We have all been in situations where we went to a doctor when we’re feeling unwell and after finding out the consultation fee, we think that it would have been much better to just have waited out the illness. MachineHack’s latest hackathon now gives you a chance to model and predict doctor’s fee. You can use this article to submit your first solution and then go on to create awesome and better models.
1) Open your favourite browser and go to https://www.machinehack.com/course/predict-a-doctors-consultation-fees-hackathon/
2) Click the login button on the top right corner. If you are a new user click on sign up and register on MachineHack with your email, otherwise enter your email and password and click “log in”.
3) After logging in, click on “Hackathons” which will take you to the “All Hackathons” page. There, choose our latest hackathon “Predict A Doctor’s Consultation Fee Hackathon ”. Read through each of the highlighted sections of the Hackathon to understand the problem clearly.
4) Click on “Start Hackathon” to enter the challenge, read through the rules and click on “Start Course” which will take you to the submission page
5) Downloading the data and submitting your solution: In the submission page, the training set, test set and sample submission can be downloaded from the “Attachment” section and your submissions can be made by following the submit link in the “Assignment” section as highlighted below.
Caution:
After you click on “Finish Hackathon” you cannot submit any more entries. Finish the hackathon only when you have no more submissions to make.
Solving The Predict A Doctor’s Consultation Fee Hackathon
A. Understanding the problem
Predict A Doctor’s Consultation Fee Hackathon is about predicting the fee a doctor will charge for consultation based on the following features.
Qualification: Qualification and degrees held by the doctor
Experience: Experience of the doctor in years
Rating: Rating given by patients
Profile: Type of the doctor
Miscellaeous_Info: Extra information about the doctor
Place: Area and the city where the doctor is located.
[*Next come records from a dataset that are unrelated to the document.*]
Lemma lead_monD m c : lead_mon le I m -> lead_mon le I (m + c)%MM.
Proof.
case=> f [If [f_m f_max]]; exists (f * 'X_[c]); split; first by rewrite mulrC; apply: idealMl.
split; first by rewrite mcoeff_msupp addmC mcoeffMX -mcoeff_msupp.
move=> m'; rewrite (perm_mem (msuppMX _ _)) => /mapP [m'' /f_max le_m'' ->].
by rewrite addmC; apply: monomial_order_addr.
Qed.

Lemma lead_mon_initialX m : initial_ideal le I 'X_[m] -> lead_mon le I m.
Proof.
move=> /initial_ideal_msupp; rewrite msuppX => /(_ m (mem_head _ _)) [m0 L0 le_m0].
by rewrite -(submK le_m0) addmC; apply: lead_monD.
Qed.

End LeadingMonomials.

Lemma mcoeff_hcomp e f m : (hcomp e f)@_m = if mdeg m == e then f@_m else 0.
Proof.
rewrite /hcomp raddf_sum /= big_mkcond /=.
have [f_m|f_Nm] := boolP (m \in msupp f).
  rewrite (bigD1_seq m) //= mcoeffZ mcoeffX eqxx mulr1 big1 ?addr0; first by case: ifP.
  by move=> m' /negbTE m'_neq; case: ifP => // _; rewrite mcoeffZ mcoeffX m'_neq mulr0.
rewrite memN_msupp_eq0 // if_same big_seq big1 // => m' f_m'.
case: ifP => // _; rewrite mcoeffZ mcoeffX.
by case: eqP => [m'_eq|]; [rewrite -m'_eq f_m' in f_Nm | rewrite mulr0].
Qed.

Lemma msupp_hcomp e f m : (m \in msupp (hcomp e f)) = (mdeg m == e) && (m \in msupp f).
Proof. by rewrite !mcoeff_msupp mcoeff_hcomp; case: ifP; rewrite ?eqxx. Qed.
(* Let $(X,I,T)$ be a relative monad and $(S,S_0)$ a monad compatible with $I$ in a 2-category $\mathcal{K}$, and let $\hat T$ be a lifting of $T$ to the algebras of $(S,S_0)$. Let $\widehat{m_0}\colon STS_0\Rightarrow TS_0$ be the $S$-algebra structure of $\hat T(S_0,m_0)$, where $(S_0,m_0)$ is regarded as an $X_0$-indexed $S_0$-algebra. Then $$d:=\widehat{m_0}\cdot STs_0\colon ST\Rightarrow TS_0$$ is a relative distributive law of $T$ over $(S,S_0)$.
   Context: Conventions: 1-cells compose by juxtaposition; vertical composition of 2-cells is written $\cdot$; whiskering by juxtaposition. Relative monad: a relative monad $(X,I,T)$ in $\mathcal{K}$ consists of objects $X_0,X$, 1-cells $I,T\colon X_0\to X$, an operator $(-)^\dagger\colon[I,T]\to[T,T]$ (extension: for every span $A,B\colon O\to X_0$ a function sending 2-cells $IA\Rightarrow TB$ to 2-cells $TA\Rightarrow TB$, natural in $O$, $A$ and $B$) and a 2-cell $t\colon I\Rightarrow T$ such that $k^\dagger\cdot tA=k$, $(tA)^\dagger=1_{TA}$, $(l^\dagger\cdot k)^\dagger=l^\dagger\cdot k^\dagger$ for all $k\colon IA\Rightarrow TB$, $l\colon IB\Rightarrow TC$. Monad compatible with $I\colon X_0\to X$: a pair $(S,S_0)$ of monads $(X,S,m,s)$ and $(X_0,S_0,m_0,s_0)$ in $\mathcal{K}$ with $SI=IS_0$, $mI=Im_0$, $sI=Is_0$. Relative distributive law: a 2-cell $d\colon ST\Rightarrow TS_0$ such that (D1) $d\cdot mT=Tm_0\cdot dS_0\cdot Sd$; (D2) $d\cdot sT=Ts_0$; (D3) for all $A,B\colon O\to X_0$ and $f\colon IA\Rightarrow TB$, $dB\cdot S(f^\dagger)=(dB\cdot Sf)^\dagger\cdot dA$ (here $dB\cdot Sf\colon IS_0A=SIA\Rightarrow TS_0B$); (D4) $d\cdot St=tS_0$ as 2-cells $SI=IS_0\Rightarrow TS_0$. Indexed algebras: for a monad $(X,S,m,s)$ and object $K$, $S\text{-}\mathrm{Alg}(K)$ is the category whose objects are pairs $(M,\mu)$ with $M\colon K\to X$, $\mu\colon SM\Rightarrow M$, $\mu\cdot sM=1_M$, $\mu\cdot S\mu=\mu\cdot mM$, and whose morphisms $(M,\mu)\to(N,\nu)$ are 2-cells $f\colon M\Rightarrow N$ with $f\cdot\mu=\nu\cdot Sf$; this gives a 2-functor $S\text{-}\mathrm{Alg}(-)\colon\mathcal{K}^{op}\to\mathbf{Cat}$ by precomposition. Lifting to algebras: a lifting of $T$ to the algebras of $(S,S_0)$ is a 2-natural transformation $\hat T\colon S_0\text{-}\mathrm{Alg}(-)\to S\text{-}\mathrm{Alg}(-)$ of the form $\hat T(M,\mu)=(TM,\hat T\mu)$ on objects and $\hat T(f)=Tf$ on morphisms, carrying the relative monad structure over $I_*\colon(M,\mu)\mapsto(IM,I\mu)$ whose unit and extension are those of $T$, which means precisely: (a) for all $K$-indexed $S_0$-algebras $(M,\mu),(N,\nu)$ and every 2-cell $f\colon IM\Rightarrow TN$ with $f\cdot I\mu=\hat T\nu\cdot Sf$, one has $f^\dagger\cdot\hat T\mu=\hat T\nu\cdot Sf^\dagger$; (b) for every $(M,\mu)$, $tM\cdot I\mu=\hat T\mu\cdot StM$. *)

Set Implicit Arguments.
Unset Strict Implicit.

Record TwoCategory : Type := {
  obj : Type;
  cell1 : Type;
  cell2 : Type;
  src1 : cell1 -> obj;
  tgt1 : cell1 -> obj;
  id1 : obj -> cell1;
  (* comp1 f g = f g  = "f after g" (juxtaposition) *)
  comp1 : cell1 -> cell1 -> cell1;
  dom2 : cell2 -> cell1;
  cod2 : cell2 -> cell1;
  id2 : cell1 -> cell2;
  (* vcomp a b = a . b  (b first) *)
  vcomp : cell2 -> cell2 -> cell2;
  (* lwhisk f a = f a ;  rwhisk a f = a f *)
  lwhisk : cell1 -> cell2 -> cell2;
  rwhisk : cell2 -> cell1 -> cell2;

  src_id1 : forall x, src1 (id1 x) = x;
  tgt_id1 : forall x, tgt1 (id1 x) = x;
  src_comp1 : forall f g, src1 f = tgt1 g -> src1 (comp1 f g) = src1 g;
  tgt_comp1 : forall f g, src1 f = tgt1 g -> tgt1 (comp1 f g) = tgt1 f;
  comp1A : forall f g h, src1 f = tgt1 g -> src1 g = tgt1 h ->
    comp1 f (comp1 g h) = comp1 (comp1 f g) h;
  comp1_id1l : forall f, comp1 (id1 (tgt1 f)) f = f;
  comp1_id1r : forall f, comp1 f (id1 (src1 f)) = f;

  src_dom2 : forall a, src1 (dom2 a) = src1 (cod2 a);
  tgt_dom2 : forall a, tgt1 (dom2 a) = tgt1 (cod2 a);
  dom_id2 : forall f, dom2 (id2 f) = f;
  cod_id2 : forall f, cod2 (id2 f) = f;
  dom_vcomp : forall a b, dom2 a = cod2 b -> dom2 (vcomp a b) = dom2 b;
  cod_vcomp : forall a b, dom2 a = cod2 b -> cod2 (vcomp a b) = cod2 a;
  vcompA : forall a b c, dom2 a = cod2 b -> dom2 b = cod2 c ->
    vcomp a (vcomp b c) = vcomp (vcomp a b) c;
  vcomp_id2l : forall a, vcomp (id2 (cod2 a)) a = a;
  vcomp_id2r : forall a, vcomp a (id2 (dom2 a)) = a;

  dom_lwhisk : forall f a, src1 f = tgt1 (dom2 a) ->
    dom2 (lwhisk f a) = comp1 f (dom2 a);
  cod_lwhisk : forall f a, src1 f = tgt1 (dom2 a) ->
    cod2 (lwhisk f a) = comp1 f (cod2 a);
  dom_rwhisk : forall a f, src1 (dom2 a) = tgt1 f ->
    dom2 (rwhisk a f) = comp1 (dom2 a) f;
  cod_rwhisk : forall a f, src1 (dom2 a) = tgt1 f ->
    cod2 (rwhisk a f) = comp1 (cod2 a) f;
  lwhisk_id2 : forall f g, src1 f = tgt1 g -> lwhisk f (id2 g) = id2 (comp1 f g);
  rwhisk_id2 : forall g f, src1 g = tgt1 f -> rwhisk (id2 g) f = id2 (comp1 g f);
  lwhisk_vcomp : forall f a b, src1 f = tgt1 (dom2 a) -> dom2 a = cod2 b ->
    lwhisk f (vcomp a b) = vcomp (lwhisk f a) (lwhisk f b);
  rwhisk_vcomp : forall a b f, src1 (dom2 a) = tgt1 f -> dom2 a = cod2 b ->
    rwhisk (vcomp a b) f = vcomp (rwhisk a f) (rwhisk b f);
  lwhisk_comp1 : forall f g a, src1 f = tgt1 g -> src1 g = tgt1 (dom2 a) ->
    lwhisk (comp1 f g) a = lwhisk f (lwhisk g a);
  rwhisk_comp1 : forall a f g, src1 (dom2 a) = tgt1 f -> src1 f = tgt1 g ->
    rwhisk a (comp1 f g) = rwhisk (rwhisk a f) g;
  lwhisk_id1 : forall a, lwhisk (id1 (tgt1 (dom2 a))) a = a;
  rwhisk_id1 : forall a, rwhisk a (id1 (src1 (dom2 a))) = a;
  lrwhisk : forall f a g, src1 f = tgt1 (dom2 a) -> src1 (dom2 a) = tgt1 g ->
    lwhisk f (rwhisk a g) = rwhisk (lwhisk f a) g;
  interchange : forall a b, src1 (dom2 a) = tgt1 (dom2 b) ->
    vcomp (rwhisk a (cod2 b)) (lwhisk (dom2 a) b)
    = vcomp (lwhisk (cod2 a) b) (rwhisk a (dom2 b))
}.

Section TwoCatNotions.
Context {C : TwoCategory}.

Definition hom1 (f : cell1 C) (x y : obj C) : Prop := src1 f = x /\ tgt1 f = y.
Definition hom2 (a : cell2 C) (f g : cell1 C) : Prop := dom2 a = f /\ cod2 a = g.

Record is_monad (X : obj C) (S : cell1 C) (m s : cell2 C) : Prop := {
  mon_S : hom1 S X X;
  mon_m : hom2 m (comp1 S S) S;
  mon_s : hom2 s (id1 X) S;
  mon_assoc : vcomp m (lwhisk S m) = vcomp m (rwhisk m S);
  mon_unitl : vcomp m (rwhisk s S) = id2 S;
  mon_unitr : vcomp m (lwhisk S s) = id2 S
}.

(* A relative monad (X, I, T) with extension ext A B : [IA, TB] -> [TA, TB]
   and unit t : I => T. *)
Record is_relative_monad (X0 X : obj C) (I T : cell1 C)
    (ext : cell1 C -> cell1 C -> cell2 C -> cell2 C) (t : cell2 C) : Prop := {
  rm_I : hom1 I X0 X;
  rm_T : hom1 T X0 X;
  rm_t : hom2 t I T;
  rm_ext_type : forall O A B k, hom1 A O X0 -> hom1 B O X0 ->
    hom2 k (comp1 I A) (comp1 T B) -> hom2 (ext A B k) (comp1 T A) (comp1 T B);
  rm_nat_O : forall O O' A B k h, hom1 A O X0 -> hom1 B O X0 ->
    hom2 k (comp1 I A) (comp1 T B) -> hom1 h O' O ->
    ext (comp1 A h) (comp1 B h) (rwhisk k h) = rwhisk (ext A B k) h;
  rm_nat_A : forall O A A' B k a, hom1 A O X0 -> hom1 A' O X0 -> hom1 B O X0 ->
    hom2 k (comp1 I A) (comp1 T B) -> hom2 a A' A ->
    ext A' B (vcomp k (lwhisk I a)) = vcomp (ext A B k) (lwhisk T a);
  rm_nat_B : forall O A B B' k b, hom1 A O X0 -> hom1 B O X0 -> hom1 B' O X0 ->
    hom2 k (comp1 I A) (comp1 T B) -> hom2 b B B' ->
    ext A B' (vcomp (lwhisk T b) k) = vcomp (lwhisk T b) (ext A B k);
  rm_unit1 : forall O A B k, hom1 A O X0 -> hom1 B O X0 ->
    hom2 k (comp1 I A) (comp1 T B) -> vcomp (ext A B k) (rwhisk t A) = k;
  rm_unit2 : forall O A, hom1 A O X0 -> ext A A (rwhisk t A) = id2 (comp1 T A);
  rm_assoc : forall O A B D k l, hom1 A O X0 -> hom1 B O X0 -> hom1 D O X0 ->
    hom2 k (comp1 I A) (comp1 T B) -> hom2 l (comp1 I B) (comp1 T D) ->
    ext A D (vcomp (ext B D l) k) = vcomp (ext B D l) (ext A B k)
}.

Record compatible_monad (X0 X : obj C) (I : cell1 C)
    (S : cell1 C) (m s : cell2 C) (S0 : cell1 C) (m0 s0 : cell2 C) : Prop := {
  cm_I : hom1 I X0 X;
  cm_S : is_monad X S m s;
  cm_S0 : is_monad X0 S0 m0 s0;
  cm_SI : comp1 S I = comp1 I S0;
  cm_m : rwhisk m I = lwhisk I m0;
  cm_s : rwhisk s I = lwhisk I s0
}.

Definition is_alg (X : obj C) (S : cell1 C) (m s : cell2 C)
    (K : obj C) (M : cell1 C) (mu : cell2 C) : Prop :=
  hom1 M K X /\ hom2 mu (comp1 S M) M /\
  vcomp mu (rwhisk s M) = id2 M /\
  vcomp mu (lwhisk S mu) = vcomp mu (rwhisk m M).

Definition is_alg_mor (S : cell1 C) (M : cell1 C) (mu : cell2 C)
    (N : cell1 C) (nu : cell2 C) (f : cell2 C) : Prop :=
  hom2 f M N /\ vcomp f mu = vcomp nu (lwhisk S f).

(* A lifting hatT of T to the algebras of (S, S0):
   (M, mu) |-> (T M, hatT M mu), f |-> T f, 2-natural in the index object,
   carrying the relative monad structure (conditions (a), (b)). *)
Record is_lifting (X0 X : obj C) (I T : cell1 C)
    (ext : cell1 C -> cell1 C -> cell2 C -> cell2 C) (t : cell2 C)
    (S : cell1 C) (m s : cell2 C) (S0 : cell1 C) (m0 s0 : cell2 C)
    (hatT : cell1 C -> cell2 C -> cell2 C) : Prop := {
  lift_obj : forall K M mu, is_alg X0 S0 m0 s0 K M mu ->
    is_alg X S m s K (comp1 T M) (hatT M mu);
  lift_mor : forall K M mu N nu f,
    is_alg X0 S0 m0 s0 K M mu -> is_alg X0 S0 m0 s0 K N nu ->
    is_alg_mor S0 M mu N nu f ->
    is_alg_mor S (comp1 T M) (hatT M mu) (comp1 T N) (hatT N nu) (lwhisk T f);
  lift_nat : forall K K' M mu h, is_alg X0 S0 m0 s0 K M mu -> hom1 h K' K ->
    hatT (comp1 M h) (rwhisk mu h) = rwhisk (hatT M mu) h;
  lift_ext : forall K M mu N nu f,
    is_alg X0 S0 m0 s0 K M mu -> is_alg X0 S0 m0 s0 K N nu ->
    hom2 f (comp1 I M) (comp1 T N) ->
    vcomp f (lwhisk I mu) = vcomp (hatT N nu) (lwhisk S f) ->
    vcomp (ext M N f) (hatT M mu) = vcomp (hatT N nu) (lwhisk S (ext M N f));
  lift_unit : forall K M mu, is_alg X0 S0 m0 s0 K M mu ->
    vcomp (rwhisk t M) (lwhisk I mu) = vcomp (hatT M mu) (lwhisk S (rwhisk t M))
}.

Record is_rel_distr_law (X0 X : obj C) (I T : cell1 C)
    (ext : cell1 C -> cell1 C -> cell2 C -> cell2 C) (t : cell2 C)
    (S : cell1 C) (m s : cell2 C) (S0 : cell1 C) (m0 s0 : cell2 C)
    (d : cell2 C) : Prop := {
  rd_type : hom2 d (comp1 S T) (comp1 T S0);
  rd_D1 : vcomp d (rwhisk m T)
          = vcomp (lwhisk T m0) (vcomp (rwhisk d S0) (lwhisk S d));
  rd_D2 : vcomp d (rwhisk s T) = lwhisk T s0;
  rd_D3 : forall O A B f, hom1 A O X0 -> hom1 B O X0 ->
    hom2 f (comp1 I A) (comp1 T B) ->
    vcomp (rwhisk d B) (lwhisk S (ext A B f))
    = vcomp (ext (comp1 S0 A) (comp1 S0 B) (vcomp (rwhisk d B) (lwhisk S f)))
            (rwhisk d A);
  rd_D4 : vcomp d (lwhisk S t) = rwhisk t S0
}.

End TwoCatNotions.


(* Write  mhat := hatT S0 m0 : S T S0 => T S0  for the
   S-algebra structure that the lifting puts on T S0, and
   d := mhat . S T s0.
   Everything follows from three consequences of the lifting:
   - mhat is an S-algebra structure (unit and associativity laws);
   - T m0 : T S0 S0 => T S0 is an algebra map for the lifted structures,
     since m0 : (S0 S0, m0 S0) -> (S0, m0) is an S0-algebra map;
   - (lifting condition (b)) the unit t I S0 is compatible with mhat.
   From these: (D2) is the unit law of mhat, (D4) is condition (b) plus a
   unit law of S0, and mhat = T m0 . d S0 recovers mhat from d, from which
   (D1) is the associativity of mhat.  For (D3), the 2-cell g := dB . S f
   is compatible with the algebras (S0 A, m0 A), (S0 B, m0 B), so lifting
   condition (a) commutes its extension with mhat; naturality of the
   extension operator in A and B then turns this into (D3). *)

Section TypedLaws.
Context {C : TwoCategory}.

(* The unit laws of the 2-category, stated for an arbitrary (but equal)
   object or 1-cell, so that they apply after typing facts are rewritten. *)
Lemma comp1_id1l_at (f : cell1 C) x : tgt1 f = x -> comp1 (id1 x) f = f.
Proof. intros <-; apply comp1_id1l. Qed.
Lemma comp1_id1r_at (f : cell1 C) x : src1 f = x -> comp1 f (id1 x) = f.
Proof. intros <-; apply comp1_id1r. Qed.
Lemma lwhisk_id1_at (a : cell2 C) x : tgt1 (dom2 a) = x -> lwhisk (id1 x) a = a.
Proof. intros <-; apply lwhisk_id1. Qed.
Lemma rwhisk_id1_at (a : cell2 C) x : src1 (dom2 a) = x -> rwhisk a (id1 x) = a.
Proof. intros <-; apply rwhisk_id1. Qed.
Lemma vcomp_id2l_at (a : cell2 C) f : cod2 a = f -> vcomp (id2 f) a = a.
Proof. intros <-; apply vcomp_id2l. Qed.
Lemma vcomp_id2r_at (a : cell2 C) f : dom2 a = f -> vcomp a (id2 f) = a.
Proof. intros <-; apply vcomp_id2r. Qed.

Lemma interchange_at (a b : cell2 C) f f' g g' :
  dom2 a = f -> cod2 a = f' -> dom2 b = g -> cod2 b = g' -> src1 f = tgt1 g ->
  vcomp (rwhisk a g') (lwhisk f b) = vcomp (lwhisk f' b) (rwhisk a g).
Proof. intros <- <- <- <- H; apply interchange; auto. Qed.

End TypedLaws.

(* Typing side conditions (sources, targets, domains, codomains of composite
   cells) are decided by computing both sides: the typing facts in context
   are used as rewrite rules, 1-cells are right-associated and identities
   cancelled.  Hypotheses of the form  forall x, tgt1 x = _ -> comp1 _ _ = _
   (commutation of 1-cells) and the typing rules of an extension operator
   are used as conditional rewrite rules. *)
Ltac rewrite_type_fact :=
  match goal with
  | H : src1 ?x = _ |- context [src1 ?x] => rewrite H
  | H : tgt1 ?x = _ |- context [tgt1 ?x] => rewrite H
  | H : dom2 ?x = _ |- context [dom2 ?x] => rewrite H
  | H : cod2 ?x = _ |- context [cod2 ?x] => rewrite H
  | H : comp1 ?f ?g = _ |- context [comp1 ?f ?g] => rewrite H
  end.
Since we are going to predict whole numbers, the problem is a regression problem.
B. Data Cleaning
Data Cleaning and pre-processing is an essential part of creating any machine learning model. The cleaner the data the better the prediction. The data provided is raw and may contain missing values or fields. Make sure to clean your data before you start building your models.
Follow the link to get yourself started with Data Preprocessing in Python and R.
C. Coding Your First Regression Problem
import pandas as pd
training_set = pd.read_excel("Final_Train.xlsx")
test_set = pd.read_excel("Final_Test.xlsx")
X_train = training_set.iloc[:,0:6].values
Y_train = training_set.iloc[:,-1].values
X_test = test_set.iloc[:,0:6].values
# Data Preprocessing
"""Follow the instructions at :
https://analyticsindiamag.com/data-pre-processing-in-python/ to perform Data-Preprocessing or Cleaning"""
# Using Decision Tree Regressor to Predict the Doctor Fees
#importing the library for Decision Tree Regressor
from sklearn.tree import DecisionTreeRegressor
#Initializing the Deision Tree Regressor
dtr = DecisionTreeRegressor()
# Fitting the Decision Tree Regressor with training Data
dtr.fit(X_train,Y_train)
# Predicting the values(Fees) for Test Data
Y_pred_dtr = scaler.inverse_transform(dtr.predict(X_test))
"""NOTE:scaler.inverse_transform is used to inverse the scaling"""
# Saving the Predicted values in to an Excel file
pd.DataFrame(Y_pred_dtr, columns = ['Fees']).to_excel("predictions_tree.xlsx", index = False)
D. Submitting your solution
Go to the submission page as shown in step 5 above and click on “Submit Doctor’s Fees” in the “Assignment” section. Select the file you want to upload, add a comment and click on “Submit Assignment”.
E. Checking your Score
Check the hackathon’s leaderboard. The scores of your submission will be updated within five minutes after submission.